## TO DO:
All lines up to and including the one that contains "apply: le_trans (ler_wpM2r h1_ge0 IH)." are to be transcribed exactly, starting from the first line of the records.

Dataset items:
= = = = =

Lemma sigma_m_bloch (m : nat) (v : R * R) :
  sigma_m m (bloch_mx v) = bloch_mx (iter m concat_bloch v).
Proof.
by elim: m => [|m IH] //; rewrite /sigma_m !iterS -/(sigma_m m _) IH protocol_step_bloch.
Qed.

Lemma bernoulli_ineq (D : realDomainType) (h : D) (n : nat) :
  -1 <= h -> 1 + n%:R * h <= (1 + h) ^+ n.
Proof.
move=> h_ge; elim: n => [|n IH]; first by rewrite mul0r addr0 expr0.
have n_ge0 : (0 : D) <= n%:R by rewrite ler0n.
have h1_ge0 : 0 <= 1 + h by rewrite -lerBlDl sub0r.
rewrite exprSr -natr1.
apply: le_trans (ler_wpM2r h1_ge0 IH).
have := sqr_ge0 h; nra.
Qed.

Lemma concat_bloch_x2 (v : R * R) :
  (concat_bloch v).1 ^+ 2 = v.1 ^+ 2 * (1 + v.2 ^+ 2).
Proof. by rewrite exprMn sqr_sqrtr // addr_ge0 ?sqr_ge0. Qed.

Lemma concat_bloch_x_ge (v : R * R) : 0 <= v.1 -> v.1 <= (concat_bloch v).1.
Proof.
move=> x_ge0; rewrite ler_peMr // -[leLHS]sqrtr1 ler_sqrt ?ler_wpDr ?sqr_ge0 //.
Qed.

Lemma concat_bloch_z_bounds (v : R * R) : 0 <= v.2 ->
  v.2 - v.1 ^+ 2 <= (concat_bloch v).2 <= v.2.
Proof.
move=> z_ge0; have z2_gt0 : 0 < 1 + v.2 ^+ 2 by rewrite ltr_pwDl ?sqr_ge0.
have x2_ge0 := sqr_ge0 v.1.
rewrite /concat_bloch; cbn [snd]; rewrite lerD2l lerN2 gerBl; apply/andP; split.
  rewrite ler_pdivrMr //.
  have := mulr_ge0 x2_ge0 (sqr_ge0 (v.2 - 1)); have := mulr_ge0 z_ge0 x2_ge0; nra.
exact: divr_ge0 (mulr_ge0 z_ge0 x2_ge0) (ltW z2_gt0).
Qed.

Lemma iter_concat_bloch_x_nondecreasing (v : R * R) : 0 <= v.1 ->
  forall n m : nat, leq n m -> (iter n concat_bloch v).1 <= (iter m concat_bloch v).1.
Proof.
move=> x_ge0.
have x_ge k : 0 <= (iter k concat_bloch v).1.
  by elim: k => // k IH; rewrite iterS; apply: le_trans IH (concat_bloch_x_ge IH).
move=> n m /subnK <-; elim: (m - n)%nat => // k IH.
by rewrite addSn iterS; apply: le_trans IH (concat_bloch_x_ge (x_ge _)).
Qed.

Lemma iter_concat_bloch_near_pole (t : R) (N : nat) (v : R * R) :
  t <= 1 -> 0 <= v.1 -> v.2 <= 1 -> 1 - t <= v.2 - v.1 ^+ 2 * 2 ^+ N ->
  forall j : nat, leq j N ->
  (iter j concat_bloch v).1 ^+ 2 <= v.1 ^+ 2 * 2 ^+ j /\
  v.2 - v.1 ^+ 2 * (2 ^+ j - 1) <= (iter j concat_bloch v).2 <= v.2.
Proof.
move=> t_le1 x_ge0 z_le1 z_near_pole; have x2_ge0 := sqr_ge0 v.1.
elim=> [_|j IH ltjN]; first by rewrite expr0 mulr1 subrr mulr0 subr0 !lexx.
have [x2_le /andP[z_ge z_le]] := IH (ltnW ltjN).
have pow_le : v.1 ^+ 2 * 2 ^+ j <= v.1 ^+ 2 * 2 ^+ N.
  by rewrite ler_wpM2l //; apply: ler_weXn2l; [rewrite ler1n | exact: ltnW].
have z_ge0 : 0 <= (iter j concat_bloch v).2 by lra.
have /andP[z'_ge z'_le] := concat_bloch_z_bounds z_ge0.
have z2_le1 : 0 <= 1 - (iter j concat_bloch v).2 ^+ 2 by nra.
have := mulr_ge0 (sqr_ge0 (iter j concat_bloch v).1) z2_le1.
rewrite iterS concat_bloch_x2 [2 ^+ j.+1]exprS; split; first nra.
by apply/andP; split; lra.
Qed.

Lemma iter_concat_bloch_x2_ge (t : R) (N : nat) (v : R * R) :
  t <= 1 -> 0 <= v.1 -> v.2 <= 1 -> 1 - t <= v.2 - v.1 ^+ 2 * 2 ^+ N ->
  forall j : nat, leq j N ->
  v.1 ^+ 2 * (2 * (1 - t)) ^+ j <= (iter j concat_bloch v).1 ^+ 2.
Proof.
move=> t_le1 x_ge0 z_le1 z_near_pole.
have near_pole := iter_concat_bloch_near_pole t_le1 x_ge0 z_le1 z_near_pole.
elim=> [_|j IH ltjN]; first by rewrite expr0 mulr1.
have [_ /andP[z_ge _]] := near_pole _ (ltnW ltjN).
have pow_le : v.1 ^+ 2 * 2 ^+ j <= v.1 ^+ 2 * 2 ^+ N.
  by rewrite ler_wpM2l ?sqr_ge0 //; apply: ler_weXn2l; [rewrite ler1n | exact: ltnW].
have z_ge' : 1 - t <= (iter j concat_bloch v).2 by have := sqr_ge0 v.1; lra.
have factor_le : 2 * (1 - t) <= 1 + (iter j concat_bloch v).2 ^+ 2.
  have := sqr_ge0 t; nra.
have factor_ge0 : 0 <= 2 * (1 - t) by rewrite mulr_ge0 // subr_ge0.
rewrite iterS concat_bloch_x2 [(2 * (1 - t)) ^+ j.+1]exprS mulrCA.
apply: le_trans (ler_wpM2l factor_ge0 (IH (ltnW ltjN))) _.
by rewrite mulrC ler_wpM2l ?sqr_ge0.
Qed.

Lemma iter_concat_bloch_amplifies (th t : R) (N : nat) (v : R * R) :
  0 <= th -> th ^+ 2 < 1 - N%:R * t ->
  t <= 1 -> 0 < v.1 -> v.2 <= 1 -> 1 - t <= v.2 - v.1 ^+ 2 * 2 ^+ N ->
  forall m : nat, leq N m -> th * Num.sqrt (2 ^+ N) * v.1 < (iter m concat_bloch v).1.
Proof.
move=> th_ge0 th2_lt t_le1 x_gt0 z_le1 z_near_pole m leNm.
have x_ge0 := ltW x_gt0.
apply: lt_le_trans _ (iter_concat_bloch_x_nondecreasing x_ge0 leNm).
have xN2_ge := iter_concat_bloch_x2_ge t_le1 x_ge0 z_le1 z_near_pole (leqnn N).
have bernoulli : 1 - N%:R * t <= (1 - t) ^+ N.
  by rewrite -mulrN bernoulli_ineq // lerN2.
have xN_ge0 : 0 <= (iter N concat_bloch v).1.
  exact: le_trans x_ge0 (iter_concat_bloch_x_nondecreasing x_ge0 (leq0n N)).
rewrite -ltr_sqr ?nnegrE ?mulr_ge0 ?sqrtr_ge0 //.
apply: lt_le_trans _ xN2_ge.
rewrite !exprMn sqr_sqrtr ?exprn_ge0 //.
have -> : th ^+ 2 * 2 ^+ N * v.1 ^+ 2 = v.1 ^+ 2 * 2 ^+ N * th ^+ 2 by ring.
rewrite [_ * (2 ^+ N * _)]mulrA ltr_pM2l ?mulr_gt0 ?exprn_gt0 //.
exact: lt_le_trans th2_lt bernoulli.
Qed.

Lemma concat_protocol_amplifies_coherence (N : nat) (th : R) : 0 <= th < 1 ->
  exists rho : 'M[C]_2,
    qubit_state rho /\
    M1 rho < 1 / (expn 2 N)%:R /\
    (forall m : nat, leq N m ->
       M1 (sigma_m m rho) / M1 rho > th * Num.sqrt ((expn 2 N)%:R)).
Proof.
move=> /andP[th_ge0 th_lt1].
rewrite natrX.
have pow_ge1 : 1 <= 2 ^+ N :> R by rewrite exprn_ege1 // ler1n.
have N1_gt0 : 0 < N.+1%:R :> R by rewrite ltr0n.
set t := (1 - th ^+ 2) / N.+1%:R.
have t_gt0 : 0 < t by rewrite divr_gt0 // subr_gt0 expr_lt1.
have th2_lt : th ^+ 2 < 1 - N%:R * t.
  have : t * N.+1%:R = 1 - th ^+ 2 by rewrite divfK ?gt_eqF.
  rewrite -natr1; lra.
have t_le1 : t <= 1.
  rewrite ler_pdivrMr // mul1r.
  have := ler0n R N; rewrite -natr1; have := sqr_ge0 th; lra.
set x0 := t / (2 * 2 ^+ N); set z0 := 1 - t / 2.
have pow_gt0 : 0 < 2 ^+ N :> R by rewrite exprn_gt0.
have x0_gt0 : 0 < x0 by rewrite divr_gt0 // mulr_gt0.
have x0_pow : x0 * 2 ^+ N = t / 2 by rewrite /x0; field; rewrite gt_eqF.
have x0_le : x0 <= t / 2 by rewrite -x0_pow ler_peMr // ltW.
have z_near_pole : 1 - t <= z0 - x0 ^+ 2 * 2 ^+ N.
  rewrite expr2 -mulrA x0_pow /z0; nra.
exists (bloch_mx (x0, z0)); split; [|split].
- by apply: bloch_qubit_state; change (x0 ^+ 2 + z0 ^+ 2 <= 1); rewrite /z0; nra.
- by rewrite M1_bloch gtr0_norm // ltr_pdivlMr // mulrAC x0_pow; lra.
move=> m leNm; rewrite sigma_m_bloch !M1_bloch.
have z0_le1 : z0 <= 1 by rewrite /z0 gerBl divr_ge0 // ltW.
have := iter_concat_bloch_amplifies (v := (x0, z0))
  th_ge0 th2_lt t_le1 x0_gt0 z0_le1 z_near_pole leNm.
change (x0, z0).1 with x0; set xm := (iter m _ _).1 => amplified.
have xm_gt0 : 0 < xm.
  exact: le_lt_trans (mulr_ge0 (mulr_ge0 th_ge0 (sqrtr_ge0 _)) (ltW x0_gt0)) amplified.
have -> : `|xm| / 2 / (`|x0| / 2) = xm / x0.
  by rewrite !gtr0_norm //; field; rewrite gt_eqF.
by rewrite ltr_pdivlMr.
Qed.

Lemma Rpower_opp_bounds (x y : R) : 1 < x -> 0 < y -> 0 < Rpower x (- y) < 1.
Proof.
move=> x_gt1 y_gt0; have x_gt0 := lt_trans ltr01 x_gt1.
apply/andP; split; apply/RltP; first exact: Exp_prop.exp_pos.
have -> : 1 = Rpower x 0 by rewrite Rpower_O //; apply/RltP.
by apply: Rpower_lt; apply/RltP; rewrite // oppr_lt0.
Qed.

Theorem mainTheorem4 :
  forall (N : nat) (eps : Rdefinitions.R), 0 < eps ->
  exists rho : 'M[C]_2,
    qubit_state rho /\
    M1 rho < 1 / (expn 2 N)%:R /\
    (forall m : nat, leq N m ->
       M1 (sigma_m m rho) / M1 rho > Rpower 2 (- eps) * Num.sqrt ((expn 2 N)%:R)).
Proof.
move=> N eps eps_gt0.
have two_gt1 : 1 < 2 :> R by rewrite ltr1n.
have /andP[th_gt0 th_lt1] := Rpower_opp_bounds two_gt1 eps_gt0.
by apply: concat_protocol_amplifies_coherence; rewrite ltW.
Qed.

= = = = =

## OUTPUT BELOW:
Lemma sigma_m_bloch (m : nat) (v : R * R) :
  sigma_m m (bloch_mx v) = bloch_mx (iter m concat_bloch v).
Proof.
by elim: m => [|m IH] //; rewrite /sigma_m !iterS -/(sigma_m m _) IH protocol_step_bloch.
Qed.

Lemma bernoulli_ineq (D : realDomainType) (h : D) (n : nat) :
  -1 <= h -> 1 + n%:R * h <= (1 + h) ^+ n.
Proof.
move=> h_ge; elim: n => [|n IH]; first by rewrite mul0r addr0 expr0.
have n_ge0 : (0 : D) <= n%:R by rewrite ler0n.
have h1_ge0 : 0 <= 1 + h by rewrite -lerBlDl sub0r.
rewrite exprSr -natr1.
apply: le_trans (ler_wpM2r h1_ge0 IH).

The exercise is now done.